(Entries taken from a collection)

────────────────────────────────────────

(* Let $G$ and $H$ be finite simple graphs, neither complete, and not both equal to a disjoint union of two complete graphs. Then $d_{G\diamond H}((g,h),(g',h'))=3$ if and only if at least one of the following holds: (1) $N_G[g]=N_G[g']$, $d_H(h,h')\ge 3$, and ($N_G[g]=V(G)$ or $\{h,h'\}$ is a $\gamma_H$-pair); (2) $N_H[h]=N_H[h']$, $d_G(g,g')\ge 3$, and ($N_H[h]=V(H)$ or $\{g,g'\}$ is a $\gamma_G$-pair).
   Context: The modular product $G\diamond H$ has vertex set $V(G)\times V(H)$; distinct vertices $(g,h)$ and $(g',h')$ are adjacent iff ($g=g'$ and $hh'\in E(H)$), or ($gg'\in E(G)$ and $h=h'$), or ($gg'\in E(G)$ and $hh'\in E(H)$), or ($g\neq g'$, $h\neq h'$, $gg'\notin E(G)$ and $hh'\notin E(H)$). $N_X[v]$ is the closed neighborhood; distances may be $\infty$ (written $\ge 3$ includes $\infty$). A $\gamma_G$-pair is a set $\{g,g'\}$ of two distinct vertices of $G$ such that $N_G[g]\cap N_G[g']=\emptyset$ and $N_G[g]\cup N_G[g']=V(G)$. *)

From mathcomp Require Import all_boot.
Set Implicit Arguments. Unset Strict Implicit. Unset Printing Implicit Defensive.

Definition simple_graph (T : finType) (e : rel T) : Prop :=
  symmetric e /\ irreflexive e.

Definition cnbhd (T : finType) (e : rel T) (v : T) : {set T} :=
  [set x | (x == v) || e v x].

Definition complete (T : finType) (e : rel T) : Prop :=
  forall x y : T, x != y -> e x y.

Definition two_cliques (T : finType) (e : rel T) : Prop :=
  exists A : {set T}, A != set0 /\ ~: A != set0 /\
    forall x y : T, x != y -> (e x y <-> ((x \in A) = (y \in A))).

Definition walk (T : finType) (e : rel T) (x y : T) (n : nat) : Prop :=
  exists p : seq T, size p = n /\ path e x p /\ last x p = y.

(* d(x,y) = k  (distance is the least length of a walk; infinite if none) *)
Definition dist_eq (T : finType) (e : rel T) (x y : T) (k : nat) : Prop :=
  walk e x y k /\ forall n, n < k -> ~ walk e x y n.

(* d(x,y) >= k  (includes d = infinity) *)
Definition dist_ge (T : finType) (e : rel T) (x y : T) (k : nat) : Prop :=
  forall n, n < k -> ~ walk e x y n.

Definition gamma_pair (T : finType) (e : rel T) (g g' : T) : Prop :=
  g != g' /\ cnbhd e g :&: cnbhd e g' = set0 /\ cnbhd e g :|: cnbhd e g' = setT.

Definition modprod (T1 T2 : finType) (e1 : rel T1) (e2 : rel T2) : rel (T1 * T2) :=
  fun u v =>
    let: (g, h) := u in let: (g', h') := v in
    (u != v) &&
    [|| (g == g') && e2 h h',
        e1 g g' && (h == h'),
        e1 g g' && e2 h h'
      | [&& g != g', h != h', ~~ e1 g g' & ~~ e2 h h'] ].

(* The closed neighbourhood of (g,h) in the modular product is the set of
   pairs (x,y) with x in N[g] iff y in N[h], and d >= 3 amounts to disjoint
   closed neighbourhoods.  So d((g,h),(g',h')) >= 3 says that no pair (x,y)
   matches both endpoints; the pair (g,h) itself forces exactly one of
   g in N[g'], h in N[h'], and testing the other pairs gives (1) or (2).
   Conversely, under (1) a walk of length 3 is built from any pair x, y
   violating "x, y are adjacent iff both or neither lie in N[g]".  If no such
   pair exists, G (not complete) is the union of the cliques N[g] and its
   complement; then {h,h'} is a gamma-pair and the same search inside N[h]
   succeeds, because H is not also a union of two cliques. *)

From mathcomp Require Import all_boot.

Set Implicit Arguments. Unset Strict Implicit. Unset Printing Implicit Defensive.

Section Walks.

Variables (T : finType) (e : rel T).

Lemma in_cnbhd x y : (y \in cnbhd e x) = (y == x) || e x y.
Proof. by rewrite inE. Qed.

Lemma cnbhd_refl x : x \in cnbhd e x.
Proof. by rewrite in_cnbhd eqxx. Qed.

Lemma walk0 x y : walk e x y 0 <-> x = y.
Proof. by split=> [[p [/size0nil -> [_ <-]]] | ->]; last exists [::]. Qed.

Lemma walk1 x y : walk e x y 1 <-> e x y.
Proof.
split=> [[p [sz [pth <-]]] | xy]; last by exists [:: y]; rewrite /= xy.
by case: p sz pth => [|z [|? ?]] //= _ /andP[].
Qed.

Lemma walk2 x y : walk e x y 2 <-> exists2 z, e x z & e z y.
Proof.
split=> [[p [sz [pth <-]]] | [z xz zy]]; last by exists [:: z; y]; rewrite /= xz zy.
by case: p sz pth => [|z [|t [|? ?]]] //= _ /and3P[xz zt _]; exists z.
Qed.

Lemma walk3 x a b y : e x a -> e a b -> e b y -> walk e x y 3.
Proof. by move=> xa ab b_y; exists [:: a; b; y]; rewrite /= xa ab b_y. Qed.

Hypothesis e_sym : symmetric e.

Lemma cnbhdC x y : (y \in cnbhd e x) = (x \in cnbhd e y).
Proof. by rewrite !in_cnbhd eq_sym e_sym. Qed.

Lemma dist_ge3E x y : dist_ge e x y 3 <-> cnbhd e x :&: cnbhd e y = set0.
Proof.
split=> [far | disj].
  apply/setP => z; rewrite in_setI in_set0 !in_cnbhd.
  apply/negbTE/andP => -[/orP[/eqP-> | xz] /orP[/eqP zy | yz]].
  - by apply: (far 0) => //; apply/walk0.
  - by apply: (far 1) => //; apply/walk1; rewrite e_sym.
  - by apply: (far 1) => //; apply/walk1; rewrite -zy.
  - by apply: (far 2) => //; apply/walk2; exists z; rewrite // e_sym.
have common z : z \in cnbhd e x -> z \in cnbhd e y -> False.
  by move=> xz yz; have := in_set0 z; rewrite -disj in_setI xz yz.
case=> [_ /walk0 xy | [_ /walk1 xy | [_ /walk2 [z xz zy] | //]]].
- by apply: (common y); rewrite ?xy cnbhd_refl.
- by apply: (common y); rewrite ?cnbhd_refl // in_cnbhd xy orbT.
- by apply: (common z); rewrite in_cnbhd ?xz ?(e_sym y) ?zy orbT.
Qed.

Lemma walk3_cnbhd x a b y :
  dist_ge e x y 3 -> a \in cnbhd e x -> b \in cnbhd e a -> y \in cnbhd e b ->
  walk e x y 3.
Proof.
move=> /dist_ge3E disj xa ab b_y.
have common z : z \in cnbhd e x -> z \in cnbhd e y -> walk e x y 3.
  by move=> xz yz; have := in_set0 z; rewrite -disj in_setI xz yz.
have [ax|ax] := eqVneq a x; first by apply: (common b); rewrite -?ax // cnbhdC.
have [ba|ba] := eqVneq b a; first by apply: (common a); rewrite // cnbhdC -ba.
have [yb|yb] := eqVneq y b; first by apply: (common a); rewrite // cnbhdC yb.
move: xa ab b_y; rewrite !in_cnbhd (negbTE ax) (negbTE ba) (negbTE yb).
exact: walk3.
Qed.

End Walks.

Lemma homo_walk (T T' : finType) (e : rel T) (e' : rel T') (f : T -> T') x y n :
  {homo f : u v / e u v >-> e' u v} -> walk e x y n -> walk e' (f x) (f y) n.
Proof.
move=> fe [p [<- [ep <-]]]; exists (map f p).
by rewrite size_map last_map (homo_path fe).
Qed.

Lemma cnbhd_cut_or_defect (T : finType) (e : rel T) (A : {set T}) :
  (forall x y, (y \in cnbhd e x) = ((x \in A) == (y \in A))) \/
  (exists x y, (y \in cnbhd e x) != ((x \in A) == (y \in A))).
Proof.
case: (pickP [pred p : T * T | (p.2 \in cnbhd e p.1) != ((p.1 \in A) == (p.2 \in A))]).
  by move=> [x y] xy; right; exists x, y.
by move=> cut; left=> x y; have /negbFE/eqP := cut (x, y).
Qed.

Lemma two_cliques_of_cut (T : finType) (e : rel T) (A : {set T}) a b :
  a \in A -> b \notin A ->
  (forall x y, (y \in cnbhd e x) = ((x \in A) == (y \in A))) -> two_cliques e.
Proof.
move=> aA bA cut; exists A; split; first by apply/set0Pn; exists a.
split=> [|x y xy]; first by apply/set0Pn; exists b; rewrite in_setC.
by have := cut x y; rewrite in_cnbhd eq_sym (negbTE xy) /= => ->; split=> /eqP.
Qed.

Lemma modprodC (T1 T2 : finType) (e1 : rel T1) (e2 : rel T2) u v :
  modprod e2 e1 (u.2, u.1) (v.2, v.1) = modprod e1 e2 u v.
Proof.
case: u v => [g h] [g' h']; rewrite /modprod !xpair_eqE [(h == h') && _]andbC.
by case: (g == g'); case: (h == h'); case: (e1 g g'); case: (e2 h h').
Qed.

Lemma dist_eq_modprodC (T1 T2 : finType) (e1 : rel T1) (e2 : rel T2) u v k :
  dist_eq (modprod e1 e2) u v k -> dist_eq (modprod e2 e1) (u.2, u.1) (v.2, v.1) k.
Proof.
move=> [uv_k far]; split=> [|n lt_nk vu_n].
  by apply: (homo_walk (f := fun w => (w.2, w.1))) uv_k => a b; rewrite modprodC.
apply: (far n lt_nk); case: u v {uv_k far} vu_n => [g h] [g' h'] vu_n.
by apply: (homo_walk (f := fun w => (w.2, w.1))) vu_n => a b; rewrite modprodC.
Qed.

Definition twin_far (T1 T2 : finType) (e1 : rel T1) (e2 : rel T2) g g' h h' : Prop :=
  cnbhd e1 g = cnbhd e1 g' /\ dist_ge e2 h h' 3 /\
  (cnbhd e1 g = setT \/ gamma_pair e2 h h').

Section ModularProduct.

Variables (T1 T2 : finType) (e1 : rel T1) (e2 : rel T2).
Hypotheses (sG : simple_graph e1) (sH : simple_graph e2).

Let e1_sym : symmetric e1 := sG.1.
Let e2_sym : symmetric e2 := sH.1.

Lemma modprod_sym : symmetric (modprod e1 e2).
Proof.
by case=> g h [g' h']; rewrite /modprod eq_sym (eq_sym g) (eq_sym h) e1_sym e2_sym.
Qed.

Lemma in_cnbhd_modprod g h x y :
  ((x, y) \in cnbhd (modprod e1 e2) (g, h)) =
  ((x \in cnbhd e1 g) == (y \in cnbhd e2 h)).
Proof.
rewrite !in_cnbhd /modprod !xpair_eqE.
case: (eqVneq x g) => [->|xg]; case: (eqVneq y h) => [->|yh];
  rewrite /= ?sG.2 ?sH.2 ?eqxx //=; by case: (e1 g x); case: (e2 h y).
Qed.

Lemma dist_ge3_modprod g g' h h' :
  dist_ge (modprod e1 e2) (g, h) (g', h') 3 <->
  forall x y, (x \in cnbhd e1 g) == (y \in cnbhd e2 h) ->
              (x \in cnbhd e1 g') != (y \in cnbhd e2 h').
Proof.
split=> [/(dist_ge3E modprod_sym) disj x y xy | far].
  apply: contraFN (in_set0 (x, y)) => x'y'.
  by rewrite -disj in_setI !in_cnbhd_modprod xy x'y'.
apply/(dist_ge3E modprod_sym)/setP => -[x y]; rewrite in_setI !in_cnbhd_modprod in_set0.
by case xy: (_ == _) => //=; apply/negbTE/far.
Qed.


Lemma dist_ge3_modprod_cnbhd g g' h h' :
  dist_ge (modprod e1 e2) (g, h) (g', h') 3 ->
  (g \in cnbhd e1 g') = (h \notin cnbhd e2 h').
Proof.
move/dist_ge3_modprod/(_ g h); rewrite !cnbhd_refl => /(_ isT).
by case: (g \in _); case: (h \in _).
Qed.

Lemma twin_far_of_dist_ge3 g g' h h' :
  g \in cnbhd e1 g' -> dist_ge (modprod e1 e2) (g, h) (g', h') 3 ->
  twin_far e1 e2 g g' h h'.
Proof.
move=> gg' /dist_ge3_modprod far.
have h'h : h \in cnbhd e2 h' = false.
  by have := far g h; rewrite !cnbhd_refl gg' => /(_ isT); case: (h \in _).
have hh' : h' \in cnbhd e2 h = false by rewrite (cnbhdC e2_sym) h'h.
have Ng : cnbhd e1 g = cnbhd e1 g'.
  apply/setP => x; apply/idP/idP => [xg | xg'].
    by have := far x h; rewrite xg cnbhd_refl h'h eqbF_neg negbK => /(_ isT).
  apply: contraTT xg' => xg; have := far x h'.
  by rewrite (negbTE xg) hh' cnbhd_refl eqb_id => /(_ isT).
have disj : cnbhd e2 h :&: cnbhd e2 h' = set0.
  apply/setP => y; rewrite in_setI in_set0; apply/negbTE/andP => -[hy h'y].
  by have := far g y; rewrite cnbhd_refl hy gg' h'y => /(_ isT).
split=> //; split; first exact/(dist_ge3E e2_sym).
case: (pickP [pred x | x \notin cnbhd e1 g]) => [x0 /= x0g | allin]; last first.
  by left; apply/setP => x; rewrite in_setT; apply/negbFE/allin.
right; split; first by apply: contraFN hh' => /eqP <-; apply: cnbhd_refl.
split=> //; apply/setP => y; rewrite in_setU in_setT.
apply/negPn/negP => /norP[hy h'y].
by have := far x0 y; rewrite -Ng (negbTE x0g) (negbTE hy) (negbTE h'y) => /(_ isT).
Qed.

Lemma dist_ge3_of_twin_far g g' h h' :
  twin_far e1 e2 g g' h h' -> dist_ge (modprod e1 e2) (g, h) (g', h') 3.
Proof.
move=> [Ng [/(dist_ge3E e2_sym) disj universal_or_gamma]].
apply/dist_ge3_modprod => x y.
rewrite -Ng; case xg: (x \in cnbhd e1 g) => /eqP/esym hy.
  by have := in_set0 y; rewrite -disj in_setI hy /= => ->.
case: universal_or_gamma => [gT | [_ [_ cover]]]; first by rewrite gT in_setT in xg.
by have := in_setT y; rewrite -cover in_setU hy /= => ->.
Qed.

Lemma modprod_walk3_twin g g' h h' x y :
  cnbhd e1 g = cnbhd e1 g' -> h' \in cnbhd e2 h = false ->
  (y \in cnbhd e1 x) != ((x \in cnbhd e1 g) == (y \in cnbhd e1 g)) ->
  dist_ge (modprod e1 e2) (g, h) (g', h') 3 ->
  walk (modprod e1 e2) (g, h) (g', h') 3.
Proof.
move=> Ng hh' defect far.
have h'h : h \in cnbhd e2 h' = false by rewrite (cnbhdC e2_sym) hh'.
(* Letting the second coordinates follow membership in N[g] makes the outer
   steps closed adjacencies; the defect is exactly what the middle step needs. *)
apply: (walk3_cnbhd modprod_sym far
  (a := (x, if x \in cnbhd e1 g then h else h'))
  (b := (y, if y \in cnbhd e1 g then h' else h))); rewrite !in_cnbhd_modprod.
- by case: (x \in cnbhd e1 g); rewrite ?cnbhd_refl ?hh'.
- move: defect; case: (x \in cnbhd e1 g); case: (y \in cnbhd e1 g);
    rewrite /= ?cnbhd_refl ?hh' ?h'h; by case: (y \in cnbhd e1 x).
- by rewrite (cnbhdC e1_sym) -Ng; case: (y \in cnbhd e1 g); rewrite ?cnbhd_refl ?hh'.
Qed.

Lemma modprod_walk3_gamma g g' h h' x0 y1 y2 :
  cnbhd e1 g = cnbhd e1 g' -> x0 \in cnbhd e1 g = false ->
  (forall y, (y \in cnbhd e2 h') = (y \notin cnbhd e2 h)) ->
  (y2 \in cnbhd e2 y1) != ((y1 \in cnbhd e2 h) == (y2 \in cnbhd e2 h)) ->
  dist_ge (modprod e1 e2) (g, h) (g', h') 3 ->
  walk (modprod e1 e2) (g, h) (g', h') 3.
Proof.
move=> Ng gx0 opp defect far.
have g'g : g' \in cnbhd e1 g by rewrite Ng cnbhd_refl.
have g'x0 : g' \in cnbhd e1 x0 = false by rewrite (cnbhdC e1_sym) -Ng gx0.
apply: (walk3_cnbhd modprod_sym far
  (a := (if y1 \in cnbhd e2 h then g else x0, y1))
  (b := (if y2 \in cnbhd e2 h then x0 else g', y2))); rewrite !in_cnbhd_modprod.
- by case: (y1 \in cnbhd e2 h); rewrite ?cnbhd_refl ?gx0.
- move: defect; case: (y1 \in cnbhd e2 h); case: (y2 \in cnbhd e2 h);
    rewrite /= ?cnbhd_refl ?gx0 ?g'g ?g'x0; by case: (y2 \in cnbhd e2 y1).
- by rewrite (cnbhdC e2_sym y2) opp; case: (y2 \in cnbhd e2 h); rewrite ?cnbhd_refl ?g'x0.
Qed.

Lemma walk3_of_twin_far g g' h h' :
  ~ complete e1 -> ~ (two_cliques e1 /\ two_cliques e2) ->
  twin_far e1 e2 g g' h h' -> walk (modprod e1 e2) (g, h) (g', h') 3.
Proof.
move=> ncG not_both tf; have far := dist_ge3_of_twin_far tf.
case: tf => Ng [/(dist_ge3E e2_sym) disj universal_or_gamma].
have hh' : h' \in cnbhd e2 h = false.
  by have := in_set0 h'; rewrite -disj in_setI cnbhd_refl andbT.
have [cutG | [x [y defect]]] := cnbhd_cut_or_defect e1 (cnbhd e1 g); last first.
  exact: modprod_walk3_twin Ng hh' defect far.
case: (pickP [pred x | x \notin cnbhd e1 g]) => [x0 /= /negbTE gx0 | allin]; last first.
  case: ncG => x y xy; have := cutG x y; rewrite !(negbFE (allin _)) in_cnbhd.
  by rewrite eq_sym (negbTE xy).
have opp y : (y \in cnbhd e2 h') = (y \notin cnbhd e2 h).
  case: universal_or_gamma => [gT | [_ [_ cover]]]; first by rewrite gT in_setT in gx0.
  have := in_setT y; rewrite -cover in_setU.
  have := in_set0 y; rewrite -disj in_setI.
  by case: (y \in cnbhd e2 h); case: (y \in cnbhd e2 h').
have [cutH | [y1 [y2 defect]]] := cnbhd_cut_or_defect e2 (cnbhd e2 h); last first.
  exact: modprod_walk3_gamma Ng gx0 opp defect far.
case: not_both; split.
- exact: two_cliques_of_cut (cnbhd_refl e1 g) (negbT gx0) cutG.
- exact: two_cliques_of_cut (cnbhd_refl e2 h) (negbT hh') cutH.
Qed.

Lemma dist3_of_twin_far g g' h h' :
  ~ complete e1 -> ~ (two_cliques e1 /\ two_cliques e2) ->
  twin_far e1 e2 g g' h h' -> dist_eq (modprod e1 e2) (g, h) (g', h') 3.
Proof.
move=> ncG not_both tf.
by split; [apply: walk3_of_twin_far | apply: dist_ge3_of_twin_far].
Qed.

End ModularProduct.

Theorem mainTheorem4 (T1 T2 : finType) (e1 : rel T1) (e2 : rel T2)
    (sG : simple_graph e1) (sH : simple_graph e2)
    (ncG : ~ complete e1) (ncH : ~ complete e2)
    (not_both : ~ (two_cliques e1 /\ two_cliques e2))
    (g g' : T1) (h h' : T2) :
  dist_eq (modprod e1 e2) (g, h) (g', h') 3 <->
  ( (cnbhd e1 g = cnbhd e1 g' /\ dist_ge e2 h h' 3 /\
       (cnbhd e1 g = setT \/ gamma_pair e2 h h'))
    \/
    (cnbhd e2 h = cnbhd e2 h' /\ dist_ge e1 g g' 3 /\
       (cnbhd e2 h = setT \/ gamma_pair e1 g g')) ).
Proof.
have not_both' : ~ (two_cliques e2 /\ two_cliques e1) by case=> ? ?; apply: not_both.
split=> [d3 | [tf | tf]].
- case: (boolP (g \in cnbhd e1 g')) => gg'.
    by left; apply: twin_far_of_dist_ge3 d3.2.
  right; apply: (twin_far_of_dist_ge3 sH sG _ (dist_eq_modprodC d3).2).
  by move: gg'; rewrite (dist_ge3_modprod_cnbhd sG sH d3.2) negbK.
- by apply: (dist3_of_twin_far sG sH ncG not_both).
- exact: (dist_eq_modprodC (dist3_of_twin_far sH sG ncH not_both' tf)).
Qed.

────────────────────────────────────────

Search the entries above for the word "length", and copy every line where it occurs.

ANSWER AREA:
(* d(x,y) = k  (distance is the least length of a walk; infinite if none) *)
   Conversely, under (1) a walk of length 3 is built from any pair x, y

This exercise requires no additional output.